In this Leetcode Isomorphic Strings problem solution we have Given two strings s and t, determine if they are isomorphic. Two strings s and t are isomorphic if the characters in s can be replaced to get t.

All occurrences of a character must be replaced with another character while preserving the order of characters. No two characters may map to the same character, but a character may map to itself.
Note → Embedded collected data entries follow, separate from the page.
(* Consider a quadrotor with unknown mass $m>0$, and the position and attitude tracking errors $e_p(t)\in\mathbb{R}^3$, $e_q(t)\in\mathbb{R}^3$, with $\xi_p=[e_p^T\ \dot e_p^T]^T$, $\xi_q=[e_q^T\ \dot e_q^T]^T$ and sliding variables $$s_p=\dot e_p+\Phi_p e_p,\qquad s_q=\dot e_q+\Phi_q e_q,$$ where $\Phi_p,\Phi_q$ are positive definite gain matrices. Suppose the sliding variables obey $$m\dot s_p=\tau_p+\varphi_p-m g_p,\qquad J(t)\dot s_q=\tau_q-C_q(t)s_q+\varphi_q,$$ where $g_p=[0\ 0\ g]^T$ ($g>0$ the gravitational acceleration), $J(t)\in\mathbb{R}^{3\times 3}$ is a continuously differentiable symmetric matrix with $\underline{j}I\le J(t)\le \overline{j}I$ for some unknown $0<\underline j\le\overline j$, $C_q(t)\in\mathbb{R}^{3\times3}$ satisfies $r^T(\dot J-2C_q)r=0$ for all $r\in\mathbb{R}^3$, and the (unknown) lumped uncertainties satisfy, for all $t$, $$\|\varphi_p\|\le K_{p0}^*+K_{p1}^*\|\xi_p\|,\qquad \|\varphi_q\|\le K_{q0}^*+K_{q1}^*\|\xi_q\|+K_{q2}^*\|\xi_q\|^2$$ for unknown finite constants $K_{pi}^*,K_{qi}^*\ge 0$. Apply the control laws $$\tau_p=-\Lambda_p s_p-\rho_p\,\mathrm{sgn}(s_p)+\hat m\,g_p,\qquad \rho_p=\hat K_{p0}+\hat K_{p1}\|\xi_p\|,$$ $$\tau_q=-\Lambda_q s_q-\rho_q\,\mathrm{sgn}(s_q),\qquad \rho_q=\hat K_{q0}+\hat K_{q1}\|\xi_q\|+\hat K_{q2}\|\xi_q\|^2,$$ with positive definite $\Lambda_p,\Lambda_q$, $\mathrm{sgn}(x)=x/\|x\|$, and the adaptive laws $$\dot{\hat K}_{pi}=\|s_p\|\|\xi_p\|^i-\alpha_{pi}\hat K_{pi},\ \hat K_{pi}(0)>0\ (i=0,1),\qquad \dot{\hat m}=-s_p^Tg_p-\alpha_m\hat m,\ \hat m(0)>0,$$ $$\dot{\hat K}_{qi}=\|s_q\|\|\xi_q\|^i-\alpha_{qi}\hat K_{qi},\ \hat K_{qi}(0)>0\ (i=0,1,2),$$ with design scalars $\alpha_{pi},\alpha_m,\alpha_{qi}>0$. Then the closed-loop trajectories are uniformly ultimately bounded: defining $$V=\tfrac12 s_p^Tms_p+\tfrac12\sum_{i=0}^{1}(\hat K_{pi}-K_{pi}^* )^2+\tfrac12(\hat m-m)^2+\tfrac12 s_q^TJs_q+\tfrac12\sum_{i=0}^{2}(\hat K_{qi}-K_{qi}^* )^2,$$ there exists a constant $\bar{\mathcal B}\ge0$, depending only on $m,\overline j$, the constants $K_{pi}^*,K_{qi}^*$ and the design parameters $\Lambda_p,\Lambda_q,\alpha_{pi},\alpha_m,\alpha_{qi}$, such that $V(t)\le\max\{V(0),\bar{\mathcal B}\}$ for all $t\ge0$.
   Context: This abstracts the outer (position) and inner (attitude) loops of a quadrotor controller: $p=[x\ y\ z]^T$ and $q=[\phi\ \theta\ \psi]^T$ are position and roll/pitch/yaw; $e_p=p-p_d$ for a bounded smooth desired trajectory $p_d$; $e_q$ is the attitude error (obtained from the vee map of $R_d^TR-R^TR_d$), $J$ the inertia matrix and $C_q$ the Coriolis matrix of the attitude dynamics, $\varphi_p,\varphi_q$ lump disturbances and unknown dynamics. $\lambda_{\min}(\cdot)$ denotes minimum eigenvalue. Uniformly ultimately bounded means: there exist $b>0$, $c>0$ such that for every $0<a<c$ there is $T>0$ with $\|x(t_0)\|\le a\Rightarrow\|x(t)\|\le b$ for all $t\ge t_0+T$. *)

From HB Require Import structures.
From mathcomp Require Import all_boot all_order all_algebra.
From mathcomp Require Import all_classical all_reals all_analysis.
Set Implicit Arguments. Unset Strict Implicit. Unset Printing Implicit Defensive.
Import Order.TTheory GRing.Theory Num.Theory.
Import numFieldNormedType.Exports.
Local Open Scope ring_scope.
Theorem theorem3p1
  (L : R) (K : nat) (dt alpha beta q r : R) (m : nat) (u : nat -> grid) :
  0 < L -> (0 < K)%nat -> 0 < dt -> beta <> 0 -> 1 < q ->
  (forall n : nat, (n <= m)%nat -> periodic K (u n)) ->
  (forall n : nat, (n < m)%nat ->
     scheme_step alpha beta dt (L / INR K) (u n) (u (S n))) ->
  (forall m' : nat, (m' <= m)%nat -> supnorm K (u m') <= r) ->
  dt < Rmin (kdv_eps1 alpha beta q r (L / INR K)) (kdv_eps2 alpha beta q r (L / INR K)) ->
  exists v : grid,
    periodic K v /\
    scheme_step alpha beta dt (L / INR K) (u m) v /\
    supnorm K v <= q * r /\
    (forall w : grid,
       periodic K w ->
       scheme_step alpha beta dt (L / INR K) (u m) w ->
       supnorm K w <= q * r ->
       forall k : Z, w k = v k).
Proof.
  (* Only the bound on u m matters, not how it was produced by the earlier steps. *)
  intros HL HK Hdt Hbeta Hq Hper _ Hsup Heps.
  set (dx := L / INR K) in *.
  assert (Hdx : 0 < dx) by (apply Rdiv_lt_0_compat; [exact HL|apply lt_0_INR, HK]).
  assert (Hum : bounded_by r (u m)).
  { intro j. eapply Rle_trans; [apply bounded_by_supnorm, Hper|apply Hsup]; lia. }
  pose proof (bounded_by_ge0 _ _ Hum) as Hr.
  assert (Hqr : 0 <= q * r) by nra.
  set (T := scheme_map alpha beta dt dx (u m)).
  set (c := dt * form_bound alpha beta dx (2 * (q * r) + r) (1 / 2)).
  assert (Hc : 0 <= c < 1).
  { split; [apply Rmult_le_pos; [lra|apply form_bound_ge0; lra]|].
    apply form_bound_eps2; try lra. exact (Rlt_le_trans _ _ _ Heps (Rmin_r _ _)). }
  pose proof (fun w => scheme_map_maps_ball alpha beta dt q r dx (u m) w Hdx (Rlt_le _ _ Hdt)
                         Hbeta Hq (Rlt_le_trans _ _ _ Heps (Rmin_l _ _)) Hum) as T_ball.
  pose proof (fun a b M => scheme_map_lipschitz alpha beta dt dx Hdx (q * r) r M (u m) a b
                             (Rlt_le _ _ Hdt) Hum) as T_contr.
  pose proof (contraction_fixed_point_unique T (q * r) c Hc T_contr) as Huniq.
  destruct (contraction_fixed_point_exists T (q * r) c Hc T_ball T_contr Hqr) as [v [Hv Hfix]].
  exists v. split; [|split; [|split]].
  - intro k. apply (Huniq (fun j => v (j + Z.of_nat K)%Z) v); [intro; apply Hv|exact Hv| |exact Hfix].
    intro j. unfold T. rewrite scheme_map_translate by (apply Hper; lia). apply Hfix.
  - apply scheme_step_iff; [exact Hdt|exact Hfix].
  - apply supnorm_le, Hv.
  - intros w Hwp Hw Hwn.
    apply Huniq; [|exact Hv|apply scheme_step_iff; [exact Hdt|exact Hw]|exact Hfix].
    intro j. eapply Rle_trans; [apply bounded_by_supnorm|]; eassumption.
Qed.
Lemma SAB_shuffle u v m : size m = size u + size v ->
  projA (shuffle m u v) = u -> projB (shuffle m u v) = v ->
  SAB F (shuffle m u v) =
  \sum_(V | admissible V) (m == cut_mask V) * (SA (Roo V) u * SA (Lea V) v).
Proof.
move=> sm; set w := shuffle m u v => pa pb.
have sw : size w = size m by rewrite size_projAB pa pb.
have fw : map fst w = m by rewrite map_fst_shuffle sw take_size.
have [mn|nmn] := eqVneq (size m) n; last first.
  rewrite /SAB /compatAB /compat_gen sw (negbTE nmn) big1 // => V _.
  by case: eqP => // em; case/negP: nmn; rewrite em size_map size_iota.
pose T := nth false m; pose f i := (nth (false, (0, 0)) w i).2.
have ew : w = [seq (T i, f i) | i <- iota 0 n].
  rewrite -{1}(mkseq_nth (false, (0, 0)) w) /mkseq sw mn; apply/eq_in_map => i.
  rewrite mem_iota => /andP [_ hi]; rewrite /T /f -fw (nth_map (false, (0, 0))) ?sw ?mn //.
  by case: (nth _ w i).
have TV V : m = cut_mask V -> forall i, i < n -> T i = inL V i.
  by move=> mV i hi; rewrite /T mV (nth_map 0) ?size_iota // nth_iota.
rewrite /SAB ew compatAB_split -projA_map -projB_map -ew pa pb.
case: desc_closedP => [cT|ncT] /=; last first.
  rewrite big1 // => V _; case: eqP => // /TV eTV; case: ncT => k l hk e.
  by rewrite !eTV ?(fpar_lt hk e) //; exact: desc_closed_inL.
have iL := inL_cut_of cT.
have mcut : m = cut_mask (cut_of T).
  apply: (@eq_from_nth _ false); first by rewrite size_map size_iota.
  by move=> i; rewrite mn => hi; rewrite (nth_map 0) ?size_iota // nth_iota // iL.
rewrite (big_only1 (cut_of T)) ?admissible_cut_of // => [|V nV aV]; last first.
  case: eqP => // /TV eTV; case/eqP: nV.
  by apply: inL_inj; rewrite ?admissible_cut_of // => i hi; rewrite iL // eTV.
have -> : Roo (cut_of T) = restrict F (fun i => ~~ T i) by apply: restrict_eq => i /iL ->.
have -> : Lea (cut_of T) = restrict F T by apply: restrict_eq => i /iL.
by rewrite -mcut eqxx mul1n /SA mulnb.
Qed.

Lemma count_cut_mask (V : {set 'I_n}) u v :
  compatA (Roo V) u -> compatA (Lea V) v ->
  count (fun b => ~~ b) (cut_mask V) = size u /\ count id (cut_mask V) = size v.
Proof.
move=> /compatA_size -> /compatA_size ->.
by rewrite /= !size_filter !count_map.
Qed.
Theorem theorem14 :
  forall c : R, c < 1 ->
  exists C : R, 0 < C /\
  exists N : nat,
  forall (n l m : nat) (Omega : finType) (p : Omega -> R)
    (tests : Omega -> 'I_m -> {set 'I_n})
    (dec : Omega -> {ffun 'I_m -> bool} -> {set 'I_n}),
    (N <= n)%N -> (1 <= l)%N -> l%:R <= (n%:R) `^ c ->
    detects_whp l p tests dec ->
    C * (l%:R * (log2 n%:R) ^+ 2) / (log2 l%:R + log2 (log2 n%:R)) <= m%:R.
Proof.
move=> c c_lt1.
pose a := (1 - Num.max c 0) / 2.
have a_gt0 : 0 < a by rewrite divr_gt0 // subr_gt0 gt_max c_lt1 ltr01.
have c_le : c <= 1 - 2 * a by rewrite /a mulrC divfK // opprB addrC subrK le_max lexx.
exists (a ^+ 2 / 40); split; first by rewrite divr_gt0 ?exprn_gt0.
pose t := Num.truncn (6 / a); exists (2 ^ t.+1)%N.
move=> n l m Omega p tests dec N_le l_gt0 l_le detect.
have n_pos : 0 < n%:R :> R by rewrite ltr0n (leq_trans _ N_le) ?expn_gt0.
apply: (tests_lower_bound detect l_gt0 a_gt0).
  have : t.+1%:R <= log2 n%:R.
    by rewrite -(log2_exp2 t.+1) ler_log2 ?posrE ?exprn_gt0 // -natrX ler_nat.
  have := truncnS_gt (6 / a); rewrite -/t ltr_pdivrMr // => t_gt; nra.
have L_ge0 : 0 <= log2 n%:R by apply: log2_ge0; rewrite ler1n -(ltr0n R).
apply: le_trans (_ : log2 l%:R <= c * log2 n%:R) _; last exact: ler_wpM2r.
by rewrite -log2_powR ler_log2 ?posrE ?ltr0n ?powR_gt0.
Qed.
Lemma exists_budget_above j x : nonneg x -> dot (p j) x < 1 ->
  exists2 z, budget p j z & coord_le x z && (x != z).
Proof.
move=> x0 lt1; pose k0 := Ordinal K_gt0.
pose t := (1 - dot (p j) x) / tnth (p j) k0.
have t_gt0 : 0 < t by rewrite divr_gt0 ?subr_gt0.
pose z := [tuple tnth x k + (if k == k0 then t else 0) | k < K].
have zE k : tnth z k = tnth x k + (if k == k0 then t else 0) by rewrite tnth_mktuple.
have x_le_z : coord_le x z.
  by apply/forallP => k; rewrite zE lerDl; case: ifP => // _; apply: ltW.
exists z; last first.
  rewrite x_le_z /=; apply/eqP => /(congr1 (fun w => tnth w k0)).
  by rewrite zE eqxx; lra.
split; first by move=> k; apply: le_trans (x0 k) _; apply: (forallP x_le_z).
rewrite /dot; under eq_bigr => k _ do rewrite zE mulrDr.
rewrite big_split /= [X in _ + X](bigD1 k0) //= [X in _ + (_ + X)]big1 ?addr0.
  by rewrite -/(dot (p j) x) mulrCA divff ?mulr1 ?subrKC // gt_eqF.
by move=> k /negbTE ->; rewrite mulr0.
Qed.

Lemma rationalizes_revealed u d : strictly_increasing u ->
  rationalizes u d -> forall i j,
  (dot (p j) (tnth d i) <= 1 -> u (tnth d i) <= u (tnth d j)) /\
  (dot (p j) (tnth d i) < 1 -> u (tnth d i) < u (tnth d j)).
Proof.
move=> u_incr ud i j; have [[di0 _] _] := ud i.
have revealed_lt : dot (p j) (tnth d i) < 1 -> u (tnth d i) < u (tnth d j).
  move=> lt1; have [z bz /andP[le_iz ne_iz]] := exists_budget_above di0 lt1.
  apply: lt_le_trans (proj2 (ud j) z bz).
  by apply: u_incr => //; [case: bz | apply/forallP].
split=> // le1; have [eq1|ne1] := eqVneq (dot (p j) (tnth d i)) 1.
  exact: (proj2 (ud j)).
by apply/ltW/revealed_lt; rewrite lt_neqAle ne1.
Qed.

Lemma rationalizable_ranking d : rationalizable p d ->
  exists r, consistent_ranking d r.
Proof.
move=> [u [u_incr ud]]; pose v i := u (tnth d i); exists (rank v) => i j.
have [le_ij lt_ij] := rationalizes_revealed u_incr ud i j.
by split=> [/le_ij|/lt_ij]; [exact: (@rank_le _ _ _ v) | exact: (@rank_lt _ _ _ v)].
Qed.

Section RankingUtility.
Variables (d : demand R K J) (r : 'I_J -> nat).
Hypotheses (d_budget : forall j, budget p j (tnth d j))
           (r_consistent : consistent_ranking d r).

Let level x := \max_(i | coord_le (tnth d i) x) (r i).+1.

Let level_ge i x : coord_le (tnth d i) x -> ((r i).+1 <= level x)%N.
Proof. exact: leq_bigmax_cond. Qed.

Let level_witness x : (0 < level x)%N ->
  exists2 i, coord_le (tnth d i) x & level x = (r i).+1.
Proof.
rewrite /level; case: (pickP (fun i => coord_le (tnth d i) x)) => [i0 di0 _|none].
  by rewrite (bigop.bigmax_eq_arg i0) //; case: arg_maxnP => // i; exists i.
by rewrite big_pred0.
Qed.

Let level_mono x z : coord_le x z -> (level x <= level z)%N.
Proof.
move=> le_xz; apply/bigmax_leqP => i le_ix.
exact/level_ge/(coord_le_trans le_ix).
Qed.

Let level_le_budget j x : dot (p j) x <= 1 -> (level x <= (r j).+1)%N.
Proof.
move=> le1; apply/bigmax_leqP => i le_ix; rewrite ltnS.
by apply: (proj1 (r_consistent i j)); apply: le_trans le1; apply: dot_le.
Qed.
(* First claim of the theorem: by the large-step condition each weight
   A_j / lam_j^((p+1)/(p-1)) is at most K * residual j, and the residuals
   sum to at most d0^2 / 2. *)
Lemma weighted_sum_bound k :
  0 <= sigma < 1 -> 1 < p -> 0 < theta ->
  \sum_(1 <= j < k.+1) A j / powR (lam j) ((p + 1) / (p - 1))
    <= vnorm (x 0%N - xs) ^+ 2 / (powR theta (2 / (p - 1)) * (1 - sigma ^+ 2)).
Proof.
move=> /andP[s0 s1] p1 th0.
have s2 : 0 < 1 - sigma ^+ 2 by rewrite subr_gt0 expr2; nra.
have tr : 0 < powR theta (2 / (p - 1)) by exact: powR_gt0.
set K := 2 / ((1 - sigma ^+ 2) * powR theta (2 / (p - 1))).
have K0 : 0 <= K by rewrite divr_ge0 // mulr_ge0 // ltW.
have weight_le j : A j.+1 / powR (lam j.+1) ((p + 1) / (p - 1))
    <= K * residual j.+1.
  have [_ /(_ j) [hl [_ [_ [_ [_ [_ [hth _]]]]]]]] := alg.
  apply: le_trans (large_step_weight p1 th0 hl (vnorm_ge0 _)
    (A_ge0 mu_gt0 alg _) hth) _.
  by rewrite /residual /K vnorm_sq le_eqVlt; apply/predU1P; left; field;
    rewrite !lt0r_neq0.
apply: le_trans (ler_sum_nat (G := fun j => K * residual j) _) _.
  by move=> [|j] //= _; exact: weight_le.
rewrite -mulr_sumr (le_trans (ler_wpM2l K0 (sum_residual_le k))) //.
by rewrite /K le_eqVlt; apply/predU1P; left; field; rewrite !lt0r_neq0.
Qed.

End Potential.
Unset Implicit Arguments.

Theorem lemma3p1 (R : realType) (n : nat) (f g : 'rV[R]_n -> \bar R)
    (mu sigma p theta : R) (xs : 'rV[R]_n)
    (x y v xt : nat -> 'rV[R]_n) (eps lam a A : nat -> R) :
  proper_fun f -> closed_fun f -> convex_fun f ->
  proper_fun g -> closed_fun g -> convex_fun g ->
  0 < mu -> strongly_convex_fun mu g ->
  (exists z, (f z + g z < +oo)%E) ->
  is_minimizer (fun z => (f z + g z)%E) xs ->
  0 <= sigma < 1 -> 2 <= p -> 0 < theta ->
  algorithm2 f g mu sigma p theta x y v xt eps lam a A ->
  let d0 := vnorm (x 0%N - xs) in
  (forall k : nat, (1 <= k)%N ->
     \sum_(1 <= j < k.+1) A j / powR (lam j) ((p + 1) / (p - 1))
       <= d0 ^+ 2 / (powR theta (2 / (p - 1)) * (1 - sigma ^+ 2))) /\
  (0 < d0 ->
     let C := powR (lam 1%N) ((p - 1) / (p + 1)) * powR theta (2 / (p + 1))
              * powR (1 - sigma ^+ 2) ((p - 1) / (p + 1)) in
     forall k : nat, (1 <= k)%N ->
       C * powR d0 (- (2 * (p - 1) / (p + 1))) <= lam k).
Proof.
move=> pf _ _ pg _ _ mu0 sc _ xs_min hsigma p2 th0 alg d0.
have p1 : 1 < p by lra.
have part1 k := weighted_sum_bound pf pg mu0 sc xs_min alg k hsigma p1 th0.
split=> [k _|d0_gt0 C [//|k] _]; first exact: part1.
have s2 : 0 < 1 - sigma ^+ 2.
  by case/andP: hsigma => s0 s1; rewrite subr_gt0 expr2; nra.
apply: lower_bound_from_weight => //; [exact: lam_gt0 alg 0 | exact: lam_gt0 alg k|].
(* keep only the last term of the sum, and use A_(k+1) >= A_1 = lam_1 *)
apply: le_trans (part1 k.+1); rewrite big_nat_recr //= -(A1_eq_lam1 mu0 alg).
rewrite -[X in X <= _]add0r lerD ?sumr_ge0 // => [j _|].
  by rewrite divr_ge0 ?powR_ge0 ?(A_ge0 mu0 alg).
by rewrite ler_wpM2r ?invr_ge0 ?powR_ge0 ?(A_ge_A1 mu0 alg).
Qed.
(* Let $G$ be a finite simple graph of order $n$ whose odd girth is $2k+1$ for some integer $k\geq 1$. Then $\mathrm{es}_{\Delta}(G)\leq \frac{k+1}{2k+1}\,n$.
   Context: The odd girth of $G$ is the length of a shortest odd cycle in $G$. $\mathrm{es}_{\Delta}(G)$ is the minimum number of edges of $G$ whose removal results in a subgraph with maximum degree $\Delta(G)-1$. *)

(* A finite simple graph is a symmetric irreflexive
   relation e on a finite vertex type T. *)
From mathcomp Require Import all_boot.
Set Implicit Arguments.
Unset Strict Implicit.
Unset Printing Implicit Defensive.

Section Graph.
Variables (T : finType) (e : rel T).

Definition edges : {set {set T}} :=
  [set [set x; y] | x in T, y in T & e x y].

(* degree of v in the spanning subgraph G - F (F a set of edges) *)
Definition deg_minus (F : {set {set T}}) (v : T) : nat :=
  #|[set y | e v y & [set v; y] \notin F]|.

Definition deg (v : T) : nat := #|[set y | e v y]|.

Definition maxdeg : nat := \max_(v : T) deg v.
Definition maxdeg_minus (F : {set {set T}}) : nat := \max_(v : T) deg_minus F v.

Definition es_Delta : nat :=
  \big[minn/#|edges|]_(F in powerset edges | maxdeg_minus F == maxdeg.-1) #|F|.

Definition has_cycle_of_length (l : nat) : Prop :=
  exists s : seq T, [/\ uniq s, size s = l, 3 <= l & cycle e s].

Definition odd_girth_is (g : nat) : Prop :=
  [/\ odd g, has_cycle_of_length g &
      forall l, odd l -> l < g -> ~ has_cycle_of_length l].

End Graph.

From mathcomp Require Import all_boot zify.
Set Implicit Arguments.
Unset Strict Implicit.
Unset Printing Implicit Defensive.

(* Let S be the set of vertices of maximum degree.  Double counting shows that
   S satisfies Hall's condition, so some injection f on S maps each v in S to
   a neighbour f v.  The functional graph of f on S splits into paths and
   cycles.  A cycle of length L is covered by uphalf L of its edges, and as odd
   cycles have length at least 2k+1 this is at most (k+1)/(2k+1) edges per
   vertex; an edge {v, f v} starting a path costs one edge for two vertices.
   Hence S is covered by at most (k+1)/(2k+1) |S :|: f @: S| edges.  A minimal
   subfamily still covering S removes an edge at every vertex of maximum degree
   and exactly one at some of them, so deleting it lowers the maximum degree
   by exactly one. *)

Section Hall.
Variable T : finType.
From Stdlib Require Import Reals Lra ClassicalEpsilon.
From mathcomp Require Import all_boot fingroup perm zify.
Set Implicit Arguments. Unset Strict Implicit. Unset Printing Implicit Defensive.

(* The hard instances are lollipops: a path [0..L] whose end, the hub, lies in a
   clique of size [q+1], with the ports inside the clique numbered by [q] arbitrary
   permutations of ['I_q].  These are [(q!)^q] graphs of diameter [L+1] on
   [n = L+q+1] nodes.  Within [T <= L] rounds node 0 sees only the path and the
   advice of nodes [0..T], yet its output, together with the position of the hub in
   it, determines every clique port.  Hence [(q!)^q <= ((b+1) 2^b)^(T+1) n] for
   advice size [b], and since [D <= alpha n] makes [q] a fixed fraction of [n],
   taking logarithms yields [n^2 log n = O(b (T+1))]. *)

Lemma reach_refl n (G : pgraph n) k u : reach G k u u.
Proof. by elim: k => [|k IH] //=; left. Qed.

Lemma reach_trans n (G : pgraph n) k1 k2 u w v :
  reach G k1 u w -> reach G k2 w v -> reach G (k1 + k2) u v.
Proof.
move=> Huw; elim: k2 v => [|k2 IH] v /=; first by move=> <-; rewrite addn0.
rewrite addnS /=; case=> [H | [w' [H Hadj]]]; first by left; apply: IH.
by right; exists w'; split => //; apply: IH.
Qed.

Lemma reach_mono n (G : pgraph n) k k' u v : k <= k' -> reach G k u v -> reach G k' u v.
Proof. by move=> /subnK <- H; rewrite addnC; apply: reach_trans H (reach_refl _ _ _). Qed.

Lemma reach_adj n (G : pgraph n) u v : adj G u v -> reach G 1 u v.
Proof. by move=> H; right; exists u. Qed.

Lemma reach_sym n (G : pgraph n) k u v : (forall x y, adj G x y -> adj G y x) ->
  reach G k u v -> reach G k v u.
Proof.
move=> adj_sym; elim: k v => [|k IH] v; first by move=> /= ->.
case=> [H | [w [H Hwv]]]; first by apply: reach_mono (IH _ H).
by rewrite -add1n; apply: reach_trans (reach_adj (adj_sym _ _ Hwv)) (IH _ H).
Qed.

Definition port_perm q (sg : {ffun 'I_q -> {perm 'I_q}}) (r p : nat) : nat :=
  match (insub r : option 'I_q), (insub p : option 'I_q) with
  | Some r', Some p' => sg r' p' | _, _ => 0
  end.

Section PortPerm.
Variables (q : nat) (sg : {ffun 'I_q -> {perm 'I_q}}).

Lemma port_permE (r p : 'I_q) : port_perm sg r p = sg r p.
Proof. by rewrite /port_perm !valK. Qed.

Lemma port_perm_lt r p : r < q -> p < q -> port_perm sg r p < q.
Proof. by move=> Hr Hp; rewrite -[r]/(Ordinal Hr : nat) -[p]/(Ordinal Hp : nat) port_permE. Qed.

Lemma port_perm_inj r p1 p2 : r < q -> p1 < q -> p2 < q ->
  port_perm sg r p1 = port_perm sg r p2 -> p1 = p2.
Proof.
move=> Hr H1 H2; rewrite -[r]/(Ordinal Hr : nat) -[p1]/(Ordinal H1 : nat).
by rewrite -[p2]/(Ordinal H2 : nat) !port_permE => /val_inj/perm_inj [].
Qed.

Lemma port_perm_surj r x : r < q -> x < q -> exists2 p, p < q & port_perm sg r p = x.
Proof.
move=> Hr Hx; exists ((sg (Ordinal Hr))^-1%g (Ordinal Hx)) => //.
by rewrite -[r]/(Ordinal Hr : nat) port_permE permKV.
Qed.

End PortPerm.

(* Nodes [0..L] form a path ending at the hub [L], and the hub together with
   [L+1..L+q] forms a clique.  On the path port 0 points towards the hub; the hub
   reaches [L+1+p] through port [p]; clique node [L+i] numbers its ports through
   the permutation [sg (i-1)] of ['I_q], and [bump i] skips the node itself. *)
Definition lol_deg (L q u : nat) : nat :=
  if u < L then (if u == 0 then 1 else 2)
  else if u == L then (if 0 < L then q.+1 else q) else q.

Definition lol_nbr L q (sg : {ffun 'I_q -> {perm 'I_q}}) (u p : nat) : nat :=
  if u < L then (if p == 0 then u.+1 else u.-1)
  else if u == L then (if p < q then L + p.+1 else L.-1)
  else L + bump (u - L) (port_perm sg (u - L).-1 p).
Arguments lol_nbr : clear implicits.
Leetcode Isomorphic Strings problem solution


Problem solution in Python.

class Solution:
    def isIsomorphic(self, s: str, t: str) -> bool:
        X=[]
        Y=[]
        for i in s:
            X.append(s.index(i))
        for i in t:
            Y.append(t.index(i))
        if X==Y:
            return True
        return False



Problem solution in Java.

class Solution {
    public boolean isIsomorphic(String s, String t) {

         if (s.length() != t.length()) {
            return false;
        }

     return (checkIsoMorphism(s,t) && checkIsoMorphism(t,s));

    }

    private static boolean checkIsoMorphism(String s,String t)
    {
        HashMap<Character, Character> charMap = new HashMap<>();
        boolean result = true;
        for (int i = 0; i < s.length(); i++) {
            if (!charMap.containsKey(s.charAt(i)))
                charMap.put(s.charAt(i), t.charAt(i));
            else {
                if (!((charMap.get(s.charAt(i))) == t.charAt(i))) {
                    
                    result = false;
                    break;

                }

            }
        }

        return(result);
    }
}


Problem solution in C++.

class Solution {
public:
    bool isIsomorphic(string s, string t) {
        return (isIso(s,t) && isIso(t,s));
    }
    bool isIso(string &s, string &t) {
        unordered_map<char, char> m;
        int l = s.length();
        for(int i=0;i<l;i++){
            if(m.count(s[i])) {
                if(m[s[i]] != t[i]) {
                    return false;
                }
            } else {
                m[s[i]]=t[i];
            }
        }
        return true;
    }
};


Problem solution in C.

bool isIsomorphic(char* s, char* t) {
    int s2t[256] = {0};
    int t2s[256] = {0};
    for(; *s != '\0'; s++,t++)
    {
        if(s2t[*s] == 0)
        {
            if(t2s[*t] != 0)
            {
                return false;
            }
            s2t[*s] = *t;
            t2s[*t] = *s;
        }
        else if(s2t[*s] != *t){
            return false;
        }
    
    }
    return true;
 }